Lemma le_oppr g h : le g h -> le (- h) (- g).
Proof. by move/subr_ge0=> l; apply/subr_ge0; rewrite opprK addrC. Qed.

Lemma le_double g : le 0 g -> le 0 (g + g).
Proof. by move=> l; have := le_add2r g l; rewrite add0r; apply: le_trans. Qed.

Lemma le_double_neg g : le g 0 -> le (g + g) 0.
Proof. by move=> l; have := le_add2r g l; rewrite add0r => /le_trans; apply. Qed.

Lemma double_eq0 (g : G) : g + g = 0 -> g = 0.
Proof.
move=> gg0; case: (le_total 0 g) => l; apply: le_anti => //;
  by have := le_add2r g l; rewrite add0r gg0.
Qed.

End OrderedGroup.

Section Valuation.
Variables (G : zmodType) (le : G -> G -> Prop) (K : fieldType)
  (val : K -> option G).
Hypotheses (le_toag : is_toag le) (val_valuation : is_valuation le val).

Lemma val_eq0 x : val x = None <-> x = 0. Proof. by case: val_valuation. Qed.

Lemma val0 : val 0 = None. Proof. exact/val_eq0. Qed.

Lemma valM x y : val (x * y) = oadd (val x) (val y).
Proof. by case: val_valuation. Qed.

Lemma val_ultra x y :
  ole le (val x) (val (x + y)) \/ ole le (val y) (val (x + y)).
Proof. by case: val_valuation. Qed.

Lemma val_surj g : exists x, val x = Some g. Proof. by case: val_valuation. Qed.

Lemma val_nz x : x <> 0 -> exists g, val x = Some g.
Proof. by case ex: (val x) => [g|]; [exists g | move/val_eq0: ex]. Qed.

Lemma val_Some_neq0 x g : val x = Some g -> x <> 0.
Proof. by move=> ex x0; move: ex; rewrite x0 val0. Qed.

Lemma val1 : val 1 = Some 0.
Proof.
have [g eg] := val_nz (elimN eqP (oner_neq0 K)).
have := valM 1 1; rewrite mulr1 eg => -[gg]; congr Some.
by apply: (@addrI _ g); rewrite addr0 -gg.
Qed.

Lemma valV x g : x <> 0 -> val x = Some g -> val x^-1 = Some (- g).
Proof.
move=> nx eg; have [m em] : exists m, val x^-1 = Some m.
  by apply: val_nz; apply/eqP; rewrite invr_eq0; apply/eqP.
have := valM x x^-1; rewrite mulfV; last exact/eqP.
rewrite val1 eg em => -[gm]; congr Some.
by apply: (@addrI _ g); rewrite subrr gm.
Qed.

Lemma valN x : val (- x) = val x.
Proof.
have valN1 : val (-1) = Some 0.
  have [m em] : exists m, val (-1) = Some m.
    by apply: val_nz; apply/eqP; rewrite oppr_eq0 oner_neq0.
  have := valM (-1) (-1); rewrite mulrNN mulr1 val1 em => -[mm]; congr Some.
  by apply: (double_eq0 le_toag); rewrite -mm.
by rewrite -mulN1r valM valN1; case: (val x) => //= g; rewrite add0r.
Qed.

Lemma val_add_lt x y gx gy : val x = Some gx -> val y = Some gy ->
  glt le gx gy -> val (x + y) = Some gx.
Proof.
move=> ex ey [lxy nxy]; have := val_ultra x y; have := val_ultra (x + y) (- y).
rewrite addrK valN ex ey; case: (val (x + y)) => [gz|] /= up low; last first.
  by case: up => // /(le_anti le_toag lxy)/nxy.
congr Some; apply: (le_anti le_toag).
- by case: up => // /(le_anti le_toag lxy)/nxy.
- by case: low => // /(le_trans le_toag lxy).
Qed.

Lemma val_add_same x y g gz : val x = Some g -> val y = Some g ->
  val (x + y) = Some gz -> le g gz.
Proof. by move=> ex ey ez; have := val_ultra x y; rewrite ex ey ez => -[]. Qed.

End Valuation.

Section ValueMonoid.
Variables (G : zmodType) (le : G -> G -> Prop) (K : fieldType)
  (val : K -> option G) (A : K -> Prop).
Hypotheses (le_toag : is_toag le) (val_valuation : is_valuation le val).
Hypothesis A_subring : is_subring_overB le val A.
Local Notation H := (Hgrp val A).

Lemma A0 : A 0. Proof. by case: A_subring. Qed.

Lemma A1 : A 1. Proof. by case: A_subring => _ []. Qed.

Lemma AD x y : A x -> A y -> A (x + y).
Proof. by case: A_subring => _ [_ [AD _]]; apply: AD. Qed.

Lemma AM x y : A x -> A y -> A (x * y).
Proof. by case: A_subring => _ [_ [_ [_ [AM _]]]]; apply: AM. Qed.

Lemma A_valB x : valB le val x -> A x.
Proof. by case: A_subring => _ [_ [_ [_ [_ AB]]]]; apply: AB. Qed.

Lemma H0 : H 0.
Proof.
exists 1; split; rewrite ?invr1; [exact: A1 | | exact: A1 |].
- exact: (elimN eqP (oner_neq0 K)).
- exact: (val1 val_valuation).
Qed.

Lemma HN g : H g -> H (- g).
Proof.
move=> [x [Ax nx Axi ex]]; exists x^-1; split; rewrite ?invrK //.
- by apply/eqP; rewrite invr_eq0; apply/eqP.
- exact: (valV val_valuation nx ex).
Qed.

Lemma HD g h : H g -> H h -> H (g + h).
Proof.
move=> [x [Ax nx Axi ex]] [y [Ay ny Ayi ey]]; exists (x * y); split.
- exact: AM.
- by apply/eqP; rewrite mulf_neq0 //; apply/eqP.
- by rewrite invfM; apply: AM.
- by rewrite (valM val_valuation) ex ey.
Qed.

Lemma H_convex h k : H h -> le 0 k -> le k h -> H k.
Proof.
move=> [x [Ax nx Axi ex]] k_ge0 lkh; have [y ey] := val_surj val_valuation k.
have ny := val_Some_neq0 val_valuation ey.
exists y; split=> //; first by apply: A_valB; rewrite /valB ey.
have -> : y^-1 = x^-1 * (x * y^-1) by rewrite mulrA mulVf ?mul1r //; apply/eqP.
apply: AM => //; apply: A_valB.
by rewrite /valB (valM val_valuation) ex (valV val_valuation ny ey) /=; apply/subr_ge0.
Qed.

Lemma val_A x g : A x -> x <> 0 -> val x = Some g -> H g \/ le 0 g.
Proof.
move=> Ax nx ex; case: (le_total le_toag 0 g) => l; [by right | left].
exists x; split=> //; apply: A_valB.
by rewrite /valB (valV val_valuation nx ex) /= -oppr0; apply: (le_oppr le_toag).
Qed.

(* H u G_{>=0} is closed under addition: a nonnegative element outside H
   dominates every element of H. *)
Lemma value_monoidD g h : H g \/ le 0 g -> H h \/ le 0 h -> H (g + h) \/ le 0 (g + h).
Proof.
have mixed a b : H a -> le 0 b -> H (a + b) \/ le 0 (a + b).
  move=> Ha b_ge0; case: (le_total le_toag 0 (a + b)) => l; [by right | left].
  apply: HD => //; apply: H_convex (HN Ha) b_ge0 _.
  by apply/(subr_le0 le_toag); rewrite opprK addrC.
case=> [Hg | g_ge0] [Hh | h_ge0].
- by left; apply: HD.
- exact: mixed.
- by rewrite addrC; apply: mixed.
- right; apply: (le_trans le_toag h_ge0).
  by have := le_add2r le_toag h g_ge0; rewrite add0r.
Qed.

Definition admissible (g gx : G) : Prop :=
  exists k, gx - g = k + k /\ (H k \/ le 0 k).

Lemma admissibleP g gx :
  eq_modG2 gx g /\ (eq_modH2 H gx g \/ glt le g gx) <-> admissible g gx.
Proof.
split=> [[[k ek] [[m [Hm em]] | [lggx nggx]]] | [k [ek Hk]]].
- by exists m; split=> //; left.
- exists k; split=> //; right; case: (le_total le_toag 0 k) => // lk0.
  case: nggx; apply: (le_anti le_toag lggx); apply/(subr_le0 le_toag).
  by rewrite ek; apply: (le_double_neg le_toag).
- split; first by exists k.
  case: Hk => [Hk | k_ge0]; first by left; exists k.
  case: (eqVneq k 0) => [k0 | nk0].
    by left; exists k; split=> //; rewrite k0; exact: H0.
  right; split.
    by apply/(subr_ge0 le_toag); rewrite ek; apply: (le_double le_toag).
  move=> ggx; move/eqP: nk0; apply; apply: (double_eq0 le_toag).
  by rewrite -ek ggx subrr.
Qed.

Lemma admissible_scale d g gx :
  H d \/ le 0 d -> admissible g gx -> admissible g (d + d + gx).
Proof.
move=> Md [k [ek Mk]]; exists (d + k); split; last exact: value_monoidD.
by rewrite -addrA ek addrACA.
Qed.

Lemma admissible_above h gy gz :
  admissible h gy -> le gy gz -> eq_modH H h gz \/ le h gz.
Proof.
move=> [k [ek [Hk | k_ge0]]] lyz; last first.
  right; apply: (le_trans le_toag) lyz; apply/(subr_ge0 le_toag).
  by rewrite ek; apply: (le_double le_toag).
case: (le_total le_toag h gz) => lhz; [by right | left].
apply: (H_convex (HN (HD Hk Hk))); first exact/(subr_ge0 le_toag).
by rewrite -ek opprB; apply: (le_add2l le_toag); apply: (le_oppr le_toag).
Qed.

End ValueMonoid.

Section PseudoAngularComponent.
Variables (G : zmodType) (le : G -> G -> Prop) (K F : fieldType)
  (val : K -> option G) (pi pan : K -> F) (A : K -> Prop).
Hypotheses (le_toag : is_toag le) (val_valuation : is_valuation le val).
Hypothesis pan_axioms : is_pan le val pi pan.
Hypothesis A_subring : is_subring_overB le val A.

Lemma pan_neq0 x : x <> 0 -> pan x <> 0.
Proof. by case: pan_axioms => pan_nz _; apply: pan_nz. Qed.

Lemma val_pan_add_lt x y gx gy : val x = Some gx -> val y = Some gy ->
  glt le gx gy -> val (x + y) = Some gx /\ pan (x + y) = pan x.
Proof.
move=> ex ey lxy; have exy := val_add_lt le_toag val_valuation ex ey lxy.
split=> //; case: pan_axioms => _ [_ [_ [_ [pan_add _]]]].
have [lt_case _] := pan_add x y (val_Some_neq0 val_valuation ex)
  (val_Some_neq0 val_valuation ey) (val_Some_neq0 val_valuation exy).
apply: lt_case; rewrite ex ey; case: lxy => lxy nxy.
by split; [exact: lxy | case=> /nxy].
Qed.

Lemma val_pan_add_same x y g : val x = Some g -> val y = Some g -> x + y <> 0 ->
  pan x + pan y <> 0 -> val (x + y) = Some g /\ pan (x + y) = pan x + pan y.
Proof.
move=> ex ey nxy npxy; case: pan_axioms => _ [_ [_ [_ [pan_add _]]]].
have nx := val_Some_neq0 val_valuation ex; have ny := val_Some_neq0 val_valuation ey.
have [_ same] := pan_add x y nx ny nxy.
by rewrite -ex; apply: same; rewrite // ex ey.
Qed.

Lemma pan_mul_square a x : a <> 0 -> x <> 0 ->
  exists k, pan (a * a * x) = k * k * pan x.
Proof.
move=> na nx; case: pan_axioms => _ [_ [_ [_ [_ [_ pan_sq]]]]].
have [k [_ ek]] := pan_sq x a nx na.
by exists k; rewrite mulrC ek mulrC.
Qed.

Section Phi.
Variable M : F -> Prop.
Hypothesis M_qq : qq_module (fun _ => True) M.

Lemma Phi_full x g : A x -> val x = Some g -> (forall c, M c) ->
  PhiA le val pan A M g x.
Proof.
move=> Ax ex Mfull; right; split=> //.
split; first exact: (val_Some_neq0 val_valuation ex).
exists g; split=> //; first by exists 0; rewrite subrr addr0.
by left; exists 0; split; [exact: (H0 val_valuation A_subring) | rewrite subrr addr0].
Qed.

Lemma Phi_scale g a x : A a -> PhiA le val pan A M g x ->
  PhiA le val pan A M g (a * a * x).
Proof.
move=> Aa [-> | [Ax [nx [gx [ex e2 eh Mx]]]]]; first by left; rewrite mulr0.
case: (eqVneq a 0) => [-> | /eqP na]; first by left; rewrite !mul0r.
have [ga ega] := val_nz val_valuation na.
have adm : admissible le val A g (ga + ga + gx).
  apply: (admissible_scale le_toag val_valuation A_subring
           (val_A le_toag val_valuation A_subring Aa na ega)).
  exact/(admissibleP le_toag val_valuation A_subring).
have [e2' eh'] := (admissibleP le_toag val_valuation A_subring g _).2 adm.
right; split; first by apply: (AM A_subring) => //; apply: (AM A_subring).
split; first by apply/eqP; rewrite !mulf_neq0 //; apply/eqP.
exists (ga + ga + gx); split=> //; first by rewrite !(valM val_valuation) ega ex.
have [k ->] := pan_mul_square na nx.
by case: M_qq => _ _; apply.
Qed.

Lemma Phi_add_lt g x y gx gy : PhiA le val pan A M g x -> A y ->
  val x = Some gx -> val y = Some gy -> glt le gx gy ->
  PhiA le val pan A M g (x + y).
Proof.
move=> [-> | [Ax [_ [gx' [ex' e2 eh Mx]]]]] Ay ex ey lxy.
  by rewrite (val0 val_valuation) in ex.
move: ex'; rewrite ex => -[egx]; subst gx'.
have [exy pxy] := val_pan_add_lt ex ey lxy.
right; split; first exact: (AD A_subring).
split; first exact: (val_Some_neq0 val_valuation exy).
by exists gx; rewrite pxy.
Qed.

Lemma Phi_add_same h x y gx : A x -> A y -> val x = Some gx -> val y = Some gx ->
  admissible le val A h gx -> M (pan x) -> M (pan y) ->
  x + y <> 0 -> pan x + pan y <> 0 -> PhiA le val pan A M h (x + y).
Proof.
move=> Ax Ay ex ey adm Mx My nxy npxy.
have [e2 eh] := (admissibleP le_toag val_valuation A_subring h _).2 adm.
have [exy pxy] := val_pan_add_same ex ey nxy npxy.
right; split; first exact: (AD A_subring).
split=> //; exists gx; split=> //; rewrite pxy.
by case: M_qq => _ M_add _; apply: M_add.
Qed.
▬▬▬▬▬▬
» **Task description**: The lines from the start of the entries above through the line containing "Lemma val_nz x" are the ones to return, please; copy them exactly and include both ends.

» **Result**:
Lemma le_oppr g h : le g h -> le (- h) (- g).
Proof. by move/subr_ge0=> l; apply/subr_ge0; rewrite opprK addrC. Qed.

Lemma le_double g : le 0 g -> le 0 (g + g).
Proof. by move=> l; have := le_add2r g l; rewrite add0r; apply: le_trans. Qed.

Lemma le_double_neg g : le g 0 -> le (g + g) 0.
Proof. by move=> l; have := le_add2r g l; rewrite add0r => /le_trans; apply. Qed.

Lemma double_eq0 (g : G) : g + g = 0 -> g = 0.
Proof.
move=> gg0; case: (le_total 0 g) => l; apply: le_anti => //;
  by have := le_add2r g l; rewrite add0r gg0.
Qed.

End OrderedGroup.

Section Valuation.
Variables (G : zmodType) (le : G -> G -> Prop) (K : fieldType)
  (val : K -> option G).
Hypotheses (le_toag : is_toag le) (val_valuation : is_valuation le val).

Lemma val_eq0 x : val x = None <-> x = 0. Proof. by case: val_valuation. Qed.

Lemma val0 : val 0 = None. Proof. exact/val_eq0. Qed.

Lemma valM x y : val (x * y) = oadd (val x) (val y).
Proof. by case: val_valuation. Qed.

Lemma val_ultra x y :
  ole le (val x) (val (x + y)) \/ ole le (val y) (val (x + y)).
Proof. by case: val_valuation. Qed.

Lemma val_surj g : exists x, val x = Some g. Proof. by case: val_valuation. Qed.

Lemma val_nz x : x <> 0 -> exists g, val x = Some g.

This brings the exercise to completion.